(* Let $n\ge5$, $x_1,\dots,x_{n-1}>0$, $\gamma,\delta>0$ with $\gamma\ne1\ne\delta$, $x_0=1$, and let $\mathbf{R}$ be the $n\times n$ matrix with entries $r_{ij}=x_{j-1}/x_{i-1}$ except $r_{12}=\delta x_1$, $r_{21}=1/(\delta x_1)$, $r_{34}=\gamma x_3/x_2$, $r_{43}=x_2/(\gamma x_3)$. Let $\mathbf{w}^{EM}$ be its principal right eigenvector. If $\gamma>1$ and $\delta<1$, then $w_2^{EM}/w_4^{EM}>x_3/x_1$; if $\gamma<1$ and $\delta>1$, then $w_2^{EM}/w_4^{EM}<x_3/x_1$.
   Context: The principal right eigenvector is the positive (Perron) eigenvector belonging to the largest eigenvalue. *)

From HB Require Import structures.
From mathcomp Require Import all_boot all_order all_algebra.
Set Implicit Arguments. Unset Strict Implicit. Unset Printing Implicit Defensive.
Import Order.TTheory GRing.Theory Num.Theory.
Local Open Scope ring_scope.

(* Indices are 0-based: paper index k (1..n) is ordinal k-1.
   x : nat -> R with x 0 = 1 playing x_0, and x k = x_k for 1 <= k <= n-1.
   Paper entry r_{ij} = x_{j-1}/x_{i-1} becomes entry (i,j) (0-based) = x j / x i. *)
Definition EMmat (R : realFieldType) (n : nat) (x : nat -> R) (gamma delta : R)
  : 'M[R]_n :=
  \matrix_(i < n, j < n)
    match nat_of_ord i, nat_of_ord j with
    | 0, 1 => delta * x 1%N
    | 1, 0 => (delta * x 1%N)^-1
    | 2, 3 => gamma * x 3%N / x 2%N
    | 3, 2 => x 2%N / (gamma * x 3%N)
    | _, _ => x (nat_of_ord j) / x (nat_of_ord i)
    end.

From HB Require Import structures.
From mathcomp Require Import all_boot all_order all_algebra.
From mathcomp Require Import ring lra zify.

Set Implicit Arguments.
Unset Strict Implicit.
Unset Printing Implicit Defensive.
Import Order.TTheory GRing.Theory Num.Theory.
Local Open Scope ring_scope.

(* Put u_j = x_j w_j and S = sum_j u_j.  Multiplying row i of A w = lambda w by
   x_i shows that a row agreeing with the consistent matrix (x_j / x_i) gives
   lambda u_i = S, and a single perturbed entry adds one correction term.  In
   the paper's indexing, row 2 gets (delta^-1 - 1) w_1 and row 4 gets
   (gamma^-1 - 1) u_3, so the signs of 1 - delta and 1 - gamma put lambda u_2
   and lambda u_4 on opposite sides of S. *)

Lemma eigen_row_consistent_but_one (R : fieldType) (n : nat) (A : 'M[R]_n)
    (x : nat -> R) (w : 'cV[R]_n) (lambda : R) (i k : 'I_n) :
  x i != 0 -> A *m w = lambda *: w ->
  (forall j, j != k -> A i j = x j / x i) ->
  lambda * (x i * w i 0)
    = \sum_(j < n) x j * w j 0 + (A i k * x i - x k) * w k 0.
Proof.
move=> xi_neq0 eigen_w row_i.
have := congr1 (fun B : 'cV[R]_n => B i 0 * x i) eigen_w; rewrite !mxE /=.
rewrite (bigD1 k) //= [\sum_(j < n) x j * w j 0](bigD1 k) //= mulrDl.
rewrite mulr_suml (eq_bigr (fun j : 'I_n => x j * w j 0)) => [E|j /row_i ->].
  by rewrite [LHS]mulrCA [LHS]mulrC -E; ring.
by rewrite mulrAC divfK.
Qed.

Lemma lt_of_eigen_rows (R : realDomainType) (lambda S a b p q : R) :
  0 < a -> 0 < S -> q < 0 < p ->
  lambda * a = S + p -> lambda * b = S + q -> b < a.
Proof.
move=> a_gt0 S_gt0 /andP[q_lt0 p_gt0] Ea Eb.
have lambda_gt0 : 0 < lambda by rewrite -(pmulr_lgt0 _ a_gt0) Ea; lra.
by rewrite -(ltr_pM2l lambda_gt0) Ea Eb; lra.
Qed.

Section EMmatRows.

Variables (R : realFieldType) (n : nat) (x : nat -> R) (gamma delta : R).
Hypotheses (gamma_neq0 : gamma != 0) (delta_neq0 : delta != 0).

Lemma EMmat_row1 (i j : 'I_n) : val i = 1%N -> val j != 0%N ->
  EMmat n x gamma delta i j = x j / x i.
Proof. by move=> vi; rewrite mxE vi /=; case: (nat_of_ord j). Qed.

Lemma EMmat_row3 (i j : 'I_n) : val i = 3%N -> val j != 2%N ->
  EMmat n x gamma delta i j = x j / x i.
Proof. by move=> vi; rewrite mxE vi /=; case: (nat_of_ord j) => [|[|[|]]]. Qed.

Variables (lambda : R) (w : 'cV[R]_n).
Hypotheses (x0 : x 0%N = 1) (x1_neq0 : x 1%N != 0) (x3_neq0 : x 3%N != 0).
Hypothesis eigen_w : EMmat n x gamma delta *m w = lambda *: w.

Lemma EMmat_eigen_row1 (i0 i1 : 'I_n) : val i0 = 0%N -> val i1 = 1%N ->
  lambda * (x 1%N * w i1 0)
    = \sum_(j < n) x j * w j 0 + (delta^-1 - 1) * w i0 0.
Proof.
move=> v0 v1; rewrite -[in x 1%N]v1.
have row1 (j : 'I_n) : j != i0 -> EMmat n x gamma delta i1 j = x j / x i1.
  by rewrite -(inj_eq val_inj) v0; exact: EMmat_row1.
rewrite (eigen_row_consistent_but_one _ eigen_w row1) ?v1 //.
by rewrite mxE v0 v1 x0; congr (_ + _ * _); field; rewrite delta_neq0.
Qed.

Lemma EMmat_eigen_row3 (i2 i3 : 'I_n) : val i2 = 2%N -> val i3 = 3%N ->
  lambda * (x 3%N * w i3 0)
    = \sum_(j < n) x j * w j 0 + (gamma^-1 - 1) * (x 2%N * w i2 0).
Proof.
move=> v2 v3; rewrite -[in x 3%N]v3.
have row3 (j : 'I_n) : j != i2 -> EMmat n x gamma delta i3 j = x j / x i3.
  by rewrite -(inj_eq val_inj) v2; exact: EMmat_row3.
rewrite (eigen_row_consistent_but_one _ eigen_w row3) ?v3 //.
by rewrite mxE v2 v3; congr (_ + _); field; rewrite gamma_neq0.
Qed.

End EMmatRows.

Theorem mainTheorem19 (R : realFieldType) (n : nat) (x : nat -> R)
  (gamma delta lambda : R) (w : 'cV[R]_n)
  (i1 i3 : 'I_n) :
  (5 <= n)%N ->
  x 0%N = 1 ->
  (forall k, (0 < k < n)%N -> 0 < x k) ->
  0 < gamma -> 0 < delta -> gamma != 1 -> delta != 1 ->
  nat_of_ord i1 = 1%N -> nat_of_ord i3 = 3%N ->
  (forall i, 0 < w i 0) ->
  EMmat n x gamma delta *m w = lambda *: w ->
  (forall mu, eigenvalue (EMmat n x gamma delta) mu -> mu <= lambda) ->
  ((1 < gamma) -> (delta < 1) -> w i1 0 / w i3 0 > x 3%N / x 1%N) /\
  ((gamma < 1) -> (1 < delta) -> w i1 0 / w i3 0 < x 3%N / x 1%N).
Proof.
case: n w i1 i3 => [//|m] w i1 i3 n_ge5 x0 x_gt0 gamma_gt0 delta_gt0 _ _
  v1 v3 w_gt0 eigen_w _.
have x_ord_gt0 (j : 'I_m.+1) : 0 < x j.
  by case: j => [[|j] lt_j] //=; rewrite ?x0 // x_gt0.
have [x1_gt0 x3_gt0] : 0 < x 1%N /\ 0 < x 3%N by rewrite -v3 -v1.
have v0 : nat_of_ord (inord 0 : 'I_m.+1) = 0%N by rewrite inordK.
have v2 : nat_of_ord (inord 2 : 'I_m.+1) = 2%N by rewrite inordK //; lia.
have S_gt0 : 0 < \sum_(j < m.+1) x j * w j 0.
  rewrite (bigD1 i1) //= ltr_pwDl ?mulr_gt0 // sumr_ge0 // => j _.
  by rewrite ltW ?mulr_gt0.
have E1 := EMmat_eigen_row1 (lt0r_neq0 delta_gt0) x0 (lt0r_neq0 x1_gt0)
  eigen_w v0 v1.
have E3 := EMmat_eigen_row3 (lt0r_neq0 gamma_gt0) (lt0r_neq0 x3_gt0)
  eigen_w v2 v3.
have w0_gt0 := w_gt0 (inord 0).
have u2_gt0 : 0 < x 2%N * w (inord 2) 0 by rewrite -[in x 2%N]v2 mulr_gt0.
rewrite ltr_pdivrMr // mulrAC ltr_pdivlMr // ltr_pdivlMr // mulrAC ltr_pdivrMr //.
rewrite ![w _ 0 * x _]mulrC.
split=> gamma_cmp delta_cmp.
- apply: (lt_of_eigen_rows _ S_gt0 _ E1 E3); first exact: mulr_gt0.
  rewrite pmulr_llt0 // pmulr_lgt0 // subr_lt0 subr_gt0.
  by rewrite invf_lt1 ?invf_gt1 // gamma_cmp delta_cmp.
- apply: (lt_of_eigen_rows _ S_gt0 _ E3 E1); first exact: mulr_gt0.
  rewrite pmulr_llt0 // pmulr_lgt0 // subr_lt0 subr_gt0.
  by rewrite invf_lt1 ?invf_gt1 // gamma_cmp delta_cmp.
Qed.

==*==

*Directions for this task*: Copy out each line of the material above that holds the word "inord".

*Finished task*:
have v0 : nat_of_ord (inord 0 : 'I_m.+1) = 0%N by rewrite inordK.
have v2 : nat_of_ord (inord 2 : 'I_m.+1) = 2%N by rewrite inordK //; lia.
have w0_gt0 := w_gt0 (inord 0).
have u2_gt0 : 0 < x 2%N * w (inord 2) 0 by rewrite -[in x 2%N]v2 mulr_gt0.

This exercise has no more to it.